• What needs to be done:
Among the records below, find each line that includes the string "their" and copy it.

• Excerpts from a dataset:

--

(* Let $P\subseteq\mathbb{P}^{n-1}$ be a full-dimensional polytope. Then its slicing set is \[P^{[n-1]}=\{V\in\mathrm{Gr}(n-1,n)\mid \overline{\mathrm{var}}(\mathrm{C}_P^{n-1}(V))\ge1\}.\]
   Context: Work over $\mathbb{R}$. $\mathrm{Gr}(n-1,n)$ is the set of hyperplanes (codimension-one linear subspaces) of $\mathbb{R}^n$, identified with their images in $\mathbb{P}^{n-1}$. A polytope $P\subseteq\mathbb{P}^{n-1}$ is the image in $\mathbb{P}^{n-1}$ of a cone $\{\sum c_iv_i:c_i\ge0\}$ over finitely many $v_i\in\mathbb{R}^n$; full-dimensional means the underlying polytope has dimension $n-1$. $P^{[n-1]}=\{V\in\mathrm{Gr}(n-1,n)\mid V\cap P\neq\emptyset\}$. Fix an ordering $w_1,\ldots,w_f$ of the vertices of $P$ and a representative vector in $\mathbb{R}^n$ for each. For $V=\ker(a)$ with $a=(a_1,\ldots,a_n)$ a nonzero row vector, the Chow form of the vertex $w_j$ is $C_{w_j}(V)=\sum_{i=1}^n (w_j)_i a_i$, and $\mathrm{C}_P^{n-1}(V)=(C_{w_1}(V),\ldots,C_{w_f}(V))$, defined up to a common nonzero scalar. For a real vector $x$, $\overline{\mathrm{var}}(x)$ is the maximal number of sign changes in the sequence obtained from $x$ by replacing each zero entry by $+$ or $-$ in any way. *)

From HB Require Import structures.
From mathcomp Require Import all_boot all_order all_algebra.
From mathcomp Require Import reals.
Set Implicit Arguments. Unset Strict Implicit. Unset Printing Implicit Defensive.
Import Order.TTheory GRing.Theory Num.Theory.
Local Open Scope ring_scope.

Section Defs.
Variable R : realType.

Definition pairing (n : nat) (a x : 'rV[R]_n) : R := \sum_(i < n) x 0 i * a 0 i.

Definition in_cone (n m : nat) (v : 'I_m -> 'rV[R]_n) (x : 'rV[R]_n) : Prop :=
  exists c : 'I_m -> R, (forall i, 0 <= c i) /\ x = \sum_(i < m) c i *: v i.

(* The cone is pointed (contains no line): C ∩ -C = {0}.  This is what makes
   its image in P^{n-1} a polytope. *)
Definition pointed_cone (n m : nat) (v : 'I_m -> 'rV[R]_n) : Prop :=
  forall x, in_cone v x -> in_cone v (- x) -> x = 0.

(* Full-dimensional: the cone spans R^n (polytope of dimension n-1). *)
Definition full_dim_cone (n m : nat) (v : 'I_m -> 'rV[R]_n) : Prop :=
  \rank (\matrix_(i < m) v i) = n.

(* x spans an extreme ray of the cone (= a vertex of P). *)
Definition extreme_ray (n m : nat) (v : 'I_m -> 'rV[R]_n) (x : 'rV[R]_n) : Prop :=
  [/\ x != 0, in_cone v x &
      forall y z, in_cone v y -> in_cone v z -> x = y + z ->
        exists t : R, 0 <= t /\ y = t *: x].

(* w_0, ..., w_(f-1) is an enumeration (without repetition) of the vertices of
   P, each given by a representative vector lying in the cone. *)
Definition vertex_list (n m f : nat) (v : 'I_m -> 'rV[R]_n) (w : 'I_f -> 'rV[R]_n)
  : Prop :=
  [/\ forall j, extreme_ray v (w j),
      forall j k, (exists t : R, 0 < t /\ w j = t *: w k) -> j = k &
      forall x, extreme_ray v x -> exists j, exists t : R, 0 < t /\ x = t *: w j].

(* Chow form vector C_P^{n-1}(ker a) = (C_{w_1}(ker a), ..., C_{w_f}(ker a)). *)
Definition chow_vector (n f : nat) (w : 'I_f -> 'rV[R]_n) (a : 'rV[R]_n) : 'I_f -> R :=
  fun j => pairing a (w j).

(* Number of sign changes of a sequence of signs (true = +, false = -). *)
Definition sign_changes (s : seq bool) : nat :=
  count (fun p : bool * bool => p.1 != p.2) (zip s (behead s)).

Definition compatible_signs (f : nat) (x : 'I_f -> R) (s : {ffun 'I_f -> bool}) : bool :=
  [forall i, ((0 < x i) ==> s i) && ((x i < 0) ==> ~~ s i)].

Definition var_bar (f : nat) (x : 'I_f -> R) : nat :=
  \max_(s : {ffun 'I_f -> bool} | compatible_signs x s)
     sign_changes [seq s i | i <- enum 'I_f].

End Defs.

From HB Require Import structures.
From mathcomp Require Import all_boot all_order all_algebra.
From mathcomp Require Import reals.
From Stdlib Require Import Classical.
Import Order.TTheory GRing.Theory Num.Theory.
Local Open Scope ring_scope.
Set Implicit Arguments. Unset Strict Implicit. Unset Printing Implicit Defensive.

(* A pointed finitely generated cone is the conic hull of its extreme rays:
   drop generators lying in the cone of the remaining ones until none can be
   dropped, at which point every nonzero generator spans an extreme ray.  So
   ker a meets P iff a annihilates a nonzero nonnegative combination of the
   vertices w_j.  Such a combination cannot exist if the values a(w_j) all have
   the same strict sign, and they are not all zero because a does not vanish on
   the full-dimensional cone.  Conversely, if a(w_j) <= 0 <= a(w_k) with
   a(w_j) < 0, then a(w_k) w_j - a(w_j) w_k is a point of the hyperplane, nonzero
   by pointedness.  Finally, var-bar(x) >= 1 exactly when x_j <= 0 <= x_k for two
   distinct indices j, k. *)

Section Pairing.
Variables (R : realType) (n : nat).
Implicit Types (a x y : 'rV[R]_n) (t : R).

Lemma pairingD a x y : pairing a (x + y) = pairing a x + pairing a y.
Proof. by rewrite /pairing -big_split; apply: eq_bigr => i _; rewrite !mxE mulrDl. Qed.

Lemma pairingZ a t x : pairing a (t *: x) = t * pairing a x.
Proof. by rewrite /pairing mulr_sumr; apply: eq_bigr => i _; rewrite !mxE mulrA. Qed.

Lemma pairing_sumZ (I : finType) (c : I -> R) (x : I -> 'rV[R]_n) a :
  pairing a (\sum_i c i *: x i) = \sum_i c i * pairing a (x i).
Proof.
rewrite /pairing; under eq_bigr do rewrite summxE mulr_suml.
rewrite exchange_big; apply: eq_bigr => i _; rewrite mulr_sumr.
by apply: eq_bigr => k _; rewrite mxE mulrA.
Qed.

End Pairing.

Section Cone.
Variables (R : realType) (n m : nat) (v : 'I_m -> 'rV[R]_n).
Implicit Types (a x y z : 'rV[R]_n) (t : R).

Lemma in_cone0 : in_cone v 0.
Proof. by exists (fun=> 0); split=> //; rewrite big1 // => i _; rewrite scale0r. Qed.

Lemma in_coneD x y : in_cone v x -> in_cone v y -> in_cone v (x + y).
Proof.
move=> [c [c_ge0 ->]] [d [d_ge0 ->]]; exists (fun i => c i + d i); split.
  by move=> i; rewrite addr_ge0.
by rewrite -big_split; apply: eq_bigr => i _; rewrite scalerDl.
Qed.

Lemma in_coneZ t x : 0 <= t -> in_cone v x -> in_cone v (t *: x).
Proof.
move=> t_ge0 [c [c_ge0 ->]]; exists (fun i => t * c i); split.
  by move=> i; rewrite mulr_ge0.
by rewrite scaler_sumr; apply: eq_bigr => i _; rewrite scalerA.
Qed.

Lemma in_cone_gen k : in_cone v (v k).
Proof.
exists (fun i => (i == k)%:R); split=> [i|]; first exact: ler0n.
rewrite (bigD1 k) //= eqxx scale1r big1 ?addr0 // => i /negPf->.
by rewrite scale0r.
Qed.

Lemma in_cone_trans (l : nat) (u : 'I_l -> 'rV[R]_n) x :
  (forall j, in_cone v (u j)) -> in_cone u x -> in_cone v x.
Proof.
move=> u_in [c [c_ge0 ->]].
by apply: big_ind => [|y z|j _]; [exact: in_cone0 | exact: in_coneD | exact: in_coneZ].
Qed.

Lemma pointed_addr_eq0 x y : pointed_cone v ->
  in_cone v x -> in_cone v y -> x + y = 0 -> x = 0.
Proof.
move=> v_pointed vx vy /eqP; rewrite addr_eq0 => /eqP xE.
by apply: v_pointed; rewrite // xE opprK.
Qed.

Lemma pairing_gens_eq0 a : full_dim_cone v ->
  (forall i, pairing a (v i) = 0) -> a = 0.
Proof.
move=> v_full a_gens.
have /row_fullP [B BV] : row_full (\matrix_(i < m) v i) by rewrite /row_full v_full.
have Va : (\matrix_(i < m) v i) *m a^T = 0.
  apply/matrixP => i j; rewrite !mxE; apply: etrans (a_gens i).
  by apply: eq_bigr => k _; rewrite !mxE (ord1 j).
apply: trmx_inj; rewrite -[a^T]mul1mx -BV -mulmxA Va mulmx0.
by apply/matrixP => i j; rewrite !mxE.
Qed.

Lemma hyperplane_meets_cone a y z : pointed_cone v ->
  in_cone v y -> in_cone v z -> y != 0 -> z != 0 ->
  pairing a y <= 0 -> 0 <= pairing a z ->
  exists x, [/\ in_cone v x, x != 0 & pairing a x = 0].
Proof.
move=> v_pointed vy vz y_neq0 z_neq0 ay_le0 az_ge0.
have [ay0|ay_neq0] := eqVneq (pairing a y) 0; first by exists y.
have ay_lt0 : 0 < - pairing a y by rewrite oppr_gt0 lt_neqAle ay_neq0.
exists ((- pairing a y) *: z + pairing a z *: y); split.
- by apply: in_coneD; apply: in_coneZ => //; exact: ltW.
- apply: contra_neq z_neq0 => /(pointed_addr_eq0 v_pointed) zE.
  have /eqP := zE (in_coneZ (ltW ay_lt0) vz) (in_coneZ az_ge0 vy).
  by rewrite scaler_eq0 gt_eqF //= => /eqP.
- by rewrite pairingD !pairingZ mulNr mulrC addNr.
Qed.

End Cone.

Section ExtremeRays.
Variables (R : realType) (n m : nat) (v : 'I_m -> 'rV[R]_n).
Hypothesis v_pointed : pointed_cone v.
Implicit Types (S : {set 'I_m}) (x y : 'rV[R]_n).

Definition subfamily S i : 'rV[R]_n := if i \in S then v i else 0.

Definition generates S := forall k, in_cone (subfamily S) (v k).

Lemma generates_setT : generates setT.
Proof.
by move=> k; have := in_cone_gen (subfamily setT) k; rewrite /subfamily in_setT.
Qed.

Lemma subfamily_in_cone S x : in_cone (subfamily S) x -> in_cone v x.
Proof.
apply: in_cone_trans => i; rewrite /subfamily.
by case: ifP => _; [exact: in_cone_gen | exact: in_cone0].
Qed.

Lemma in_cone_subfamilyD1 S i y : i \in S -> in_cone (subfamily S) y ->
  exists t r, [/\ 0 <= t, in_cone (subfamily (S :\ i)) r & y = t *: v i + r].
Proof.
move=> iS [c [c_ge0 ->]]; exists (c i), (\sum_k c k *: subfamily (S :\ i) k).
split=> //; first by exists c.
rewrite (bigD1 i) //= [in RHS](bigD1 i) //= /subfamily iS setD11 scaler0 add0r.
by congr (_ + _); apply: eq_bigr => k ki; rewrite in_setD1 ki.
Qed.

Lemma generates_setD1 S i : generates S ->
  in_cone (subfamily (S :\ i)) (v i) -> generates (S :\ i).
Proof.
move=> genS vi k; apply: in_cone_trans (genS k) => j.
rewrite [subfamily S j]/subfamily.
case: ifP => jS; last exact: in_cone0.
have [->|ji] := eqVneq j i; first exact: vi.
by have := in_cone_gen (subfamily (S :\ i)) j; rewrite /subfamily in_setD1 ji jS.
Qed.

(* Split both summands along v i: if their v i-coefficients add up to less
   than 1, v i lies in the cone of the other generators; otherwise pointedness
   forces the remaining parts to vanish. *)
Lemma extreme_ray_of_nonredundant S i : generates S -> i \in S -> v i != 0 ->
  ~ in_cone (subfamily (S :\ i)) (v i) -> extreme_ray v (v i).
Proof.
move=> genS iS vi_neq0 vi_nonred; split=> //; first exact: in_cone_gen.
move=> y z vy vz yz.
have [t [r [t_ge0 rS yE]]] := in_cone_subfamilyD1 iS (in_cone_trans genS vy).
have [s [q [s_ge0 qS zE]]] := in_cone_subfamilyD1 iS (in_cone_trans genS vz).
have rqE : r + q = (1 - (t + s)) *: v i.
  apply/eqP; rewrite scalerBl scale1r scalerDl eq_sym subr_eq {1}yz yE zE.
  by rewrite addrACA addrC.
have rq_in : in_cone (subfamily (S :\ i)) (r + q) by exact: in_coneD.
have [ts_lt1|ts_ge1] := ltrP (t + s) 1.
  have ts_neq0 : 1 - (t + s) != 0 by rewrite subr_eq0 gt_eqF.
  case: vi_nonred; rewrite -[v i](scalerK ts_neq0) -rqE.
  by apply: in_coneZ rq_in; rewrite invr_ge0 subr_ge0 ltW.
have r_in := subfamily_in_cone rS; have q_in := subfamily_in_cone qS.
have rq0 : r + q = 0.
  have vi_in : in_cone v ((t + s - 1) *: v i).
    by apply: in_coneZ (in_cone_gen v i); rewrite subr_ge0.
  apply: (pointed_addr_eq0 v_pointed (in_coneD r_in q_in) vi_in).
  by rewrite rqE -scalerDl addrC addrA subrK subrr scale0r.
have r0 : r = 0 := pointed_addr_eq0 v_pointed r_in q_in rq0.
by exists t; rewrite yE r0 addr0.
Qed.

--

• Result of this task:
   Context: Work over $\mathbb{R}$. $\mathrm{Gr}(n-1,n)$ is the set of hyperplanes (codimension-one linear subspaces) of $\mathbb{R}^n$, identified with their images in $\mathbb{P}^{n-1}$. A polytope $P\subseteq\mathbb{P}^{n-1}$ is the image in $\mathbb{P}^{n-1}$ of a cone $\{\sum c_iv_i:c_i\ge0\}$ over finitely many $v_i\in\mathbb{R}^n$; full-dimensional means the underlying polytope has dimension $n-1$. $P^{[n-1]}=\{V\in\mathrm{Gr}(n-1,n)\mid V\cap P\neq\emptyset\}$. Fix an ordering $w_1,\ldots,w_f$ of the vertices of $P$ and a representative vector in $\mathbb{R}^n$ for each. For $V=\ker(a)$ with $a=(a_1,\ldots,a_n)$ a nonzero row vector, the Chow form of the vertex $w_j$ is $C_{w_j}(V)=\sum_{i=1}^n (w_j)_i a_i$, and $\mathrm{C}_P^{n-1}(V)=(C_{w_1}(V),\ldots,C_{w_f}(V))$, defined up to a common nonzero scalar. For a real vector $x$, $\overline{\mathrm{var}}(x)$ is the maximal number of sign changes in the sequence obtained from $x$ by replacing each zero entry by $+$ or $-$ in any way. *)
(* Split both summands along v i: if their v i-coefficients add up to less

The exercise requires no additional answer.